I get a mix of reactions when I tell people that Andy and I haven’t left the kids overnight. Ever.
We’ve each been away overnight, on separate occasions but have left them with the other parent so that’s not really the same. But we haven’t left them overnight with family (or anyone) while we go away.
There’s a mix of reasons I suppose. Primarily, when we travel, we take them with us and enjoy that. There hasn’t been a reason to leave them. Sure, we could have planned a trip just the two of us, and we do look forward to that one day, but we weren’t ready for that.
Yes, WE weren’t ready. My kids have been babysat by family for extended periods of time and love it. Their sleep is fairly consistent with us, even if whoever watches them has to be prepared that they may be snuggling in the night with two kiddos that will be up by 6 am. They wouldn’t be scared, or sad. We know they’d have fun and trust family that they would stay with to no end.
But more importantly, we never wanted to leave them. It’s been a choice. And leaving for the sake of going away overnight and not enjoying ourselves fully is not worth it. We just didn’t feel the pressure to and our own anxieties wouldn’t have made an over night trip enjoyable.

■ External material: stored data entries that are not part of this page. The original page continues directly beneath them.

Lemma cvg0_seq_of_not_right_interval (P : R -> Prop) :
  ~ (exists2 e : R, 0 < e & forall t, 0 < t < e -> P t) ->
  exists2 u : nat -> R, u @ \oo --> 0 & forall n, ~ P (u n).
Proof.
move=> not_near.
have /boolp.choice[u u_ok] : forall n, exists t : R, 0 < t < harmonic n /\ ~ P t.
  move=> n; apply: contrapT => no_t; apply: not_near; exists (harmonic n).
    exact: harmonic_gt0.
  by move=> t t_in; apply: contrapT => Pt; apply: no_t; exists t.
exists u => [|n]; last by case: (u_ok n).
apply: (@squeeze_cvgr _ _ _ _ (fun=> 0) (fun n => harmonic n)).
- by near=> n; case: (u_ok n) => /andP[/ltW -> /ltW ->].
- exact: cvg_cst.
- exact: cvg_harmonic.
Unshelve. all: by end_near.
Qed.

Lemma poly_eq0_right_interval (q : {poly complex R}) (e : R) : 0 < e ->
  (forall t, 0 < t < e -> q.[t%:C%C] = 0) -> q = 0.
Proof.
move=> e_gt0 q_vanish; apply/eqP; apply: contraT => q_neq0.
pose pts := [seq (e / j.+2%:R)%:C%C | j <- iota 0 (size q)].
have := max_poly_roots q_neq0 (rs := pts).
rewrite size_map size_iota ltnn; apply.
- apply/allP => _ /mapP[j _ ->]; rewrite /root q_vanish //.
  by rewrite divr_gt0 ?ltr0Sn //= ltr_pdivrMr ?ltr0Sn // ltr_pMr // ltr1n.
- rewrite map_inj_uniq ?iota_uniq // => i j [] /(mulfI (lt0r_neq0 e_gt0)) /invr_inj.
  by move/eqP; rewrite eqr_nat => /eqP[].
Qed.

End RightIntervals.

Section ComplexLimits.
Variable R : realType.
Local Notation C := (complex R).
Local Notation Re := (@complex.Re R).
Local Notation Im := (@complex.Im R).

Lemma ReD (x y : C) : Re (x + y) = Re x + Re y. Proof. by case: x; case: y. Qed.
Lemma ImD (x y : C) : Im (x + y) = Im x + Im y. Proof. by case: x; case: y. Qed.
Lemma ReM (x y : C) : Re (x * y) = Re x * Re y - Im x * Im y. Proof. by case: x; case: y. Qed.
Lemma ImM (x y : C) : Im (x * y) = Re x * Im y + Im x * Re y. Proof. by case: x; case: y. Qed.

Now don’t get me wrong. We enjoy alone time and date night frequently thanks to our babysitters. And I really believe in the importance of this. We’ve also mastered date night at home and never feel we are ‘missing out’ on something. We are happy to travel with them and find our alone time on dates close to home.

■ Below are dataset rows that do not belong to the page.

Lemma integral01_clamp01 (f : R -> R) (pr : Riemann_integrable (fun t => f (clamp01 t)) 0 1) :
  integral01 f = RiemannInt pr.
Proof.
  assert (Hext : forall t, 0 < t < 1 -> f (clamp01 t) = f t)
    by (intros t Ht; rewrite clamp01_id; [reflexivity | unfold in01; lra]).
  unfold integral01; destruct excluded_middle_informative as [h | h].
  - destruct constructive_indefinite_description as [r [pr' Hr]]; simpl; rewrite <- Hr.
    symmetry; apply RiemannInt_P18; [lra | exact Hext].
  - exfalso; apply h; exists (RiemannInt pr).
    assert (pr' : Riemann_integrable f 0 1).
    { refine (Riemann_integrable_ext f _ pr).
      intros t Ht; rewrite Rmin_left, Rmax_right in Ht by lra.
      rewrite clamp01_id; [reflexivity | unfold in01; lra]. }
    exists pr'; apply RiemannInt_P18; [lra |]. intros t Ht; symmetry; exact (Hext t Ht).
Qed.

Lemma integral01_lt (f g : R -> R) :
  continuous01 f -> continuous01 g -> (forall t, in01 t -> f t < g t) ->
  integral01 f < integral01 g.
Proof.
  intros Hf Hg Hlt.
  set (F := fun t => f (clamp01 t)); set (G := fun t => g (clamp01 t)).
  pose proof (continuity_pt_clamp01 f Hf) as CF; pose proof (continuity_pt_clamp01 g Hg) as CG.
  pose (prF := @continuity_implies_RiemannInt F 0 1 ltac:(lra) (fun x _ => CF x)).
  pose (prG := @continuity_implies_RiemannInt G 0 1 ltac:(lra) (fun x _ => CG x)).
  set (D := fun t => G t + -1 * F t).
  assert (CD : forall x, continuity_pt D x)
    by (intro x; exact (continuity_pt_plus G (mult_real_fct (-1) F) x (CG x)
                          (continuity_pt_scal F (-1) x (CF x)))).
  destruct (continuity_ab_min D 0 1 ltac:(lra) (fun x _ => CD x)) as [m [Hmin Hm]].
  assert (Hpos : 0 < D m)
    by (unfold D, F, G; specialize (Hlt (clamp01 m) (clamp01_in01 m)); lra).
  pose (prD := RiemannInt_P10 (-1) prG prF).
  pose proof (RiemannInt_P13 prG prF prD) as Hlin.
  pose (prC := RiemannInt_P14 0 1 (D m)).
  pose proof (RiemannInt_P15 prC) as Hconst.
  assert (RiemannInt prC <= RiemannInt prD)
    by (apply RiemannInt_P19; [lra | intros x Hx; apply Hmin; lra]).
  rewrite (integral01_clamp01 f prF), (integral01_clamp01 g prG).
  unfold D, F, G in *; lra.
Qed.

(** * Roots of a Hamiltonian *)

Section Hamiltonian.

Variable H : R -> R -> R.

Hypothesis H_cont : forall s p, in01 s -> forall eps, 0 < eps -> exists del, 0 < del /\
  forall s' p', in01 s' -> Rabs (s' - s) < del -> Rabs (p' - p) < del ->
    Rabs (H s' p' - H s p) < eps.
Hypothesis H_coercive : forall M, exists K, forall s p, in01 s -> K < Rabs p -> M < H s p.
Hypothesis H_quasiconvex : forall s p q lam, in01 s -> 0 <= lam <= 1 ->
  H s (lam * p + (1 - lam) * q) <= Rmax (H s p) (H s q).
Hypothesis H_sublevel_interior : forall s b p, in01 s ->
  ((exists del, 0 < del /\ forall q, Rabs (q - p) < del -> H s q <= b) <-> H s p < b).

Lemma H_continuity (t : R) : in01 t -> continuity (H t).
Proof.
  intros Ht x; apply continuity_pt_eps; intros eps Heps.
  destruct (H_cont t x Ht eps Heps) as [del [Hdel Hc]].
  exists del; split; [exact Hdel |]. intros y Hy.
  apply Hc; [exact Ht | rewrite Rminus_diag, Rabs_R0; exact Hdel | exact Hy].
Qed.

We are about to turn a corner. My kids are 3.5 and 5.5 so our level of interest in possibly doing over night trips is growing. Next year, we have a family wedding out of town and the kids will be staying with Andy’s family. They are beyond excited at the thought, and we are feeling kind of excited too.
My point in all of this? I understand the looks of shock and snickers when you tell people you don’t want to leave baby/child overnight yet. You aren’t making some crazy decision or being a helicopter parent. You are making the decision that is best for you and your spouse (and kids) at the time. And that’s ok. Some parents enjoy vacations alone early in their parenting career. That’s ok too. But make sure you are doing it for you and not because others tell you that you should.
And I should note that yes, I know how wonderful alone time would be. How sleeping in would be a dream. How long walks and dinners out would be fantastic. I know all of that. I look forward to all of that, but my choice has still been not to do it – yet.
I know that when we are comfortable leaving them overnight that it will be on our terms. And all of us will have a great time.
Do you struggle deciding to leave the kids overnight?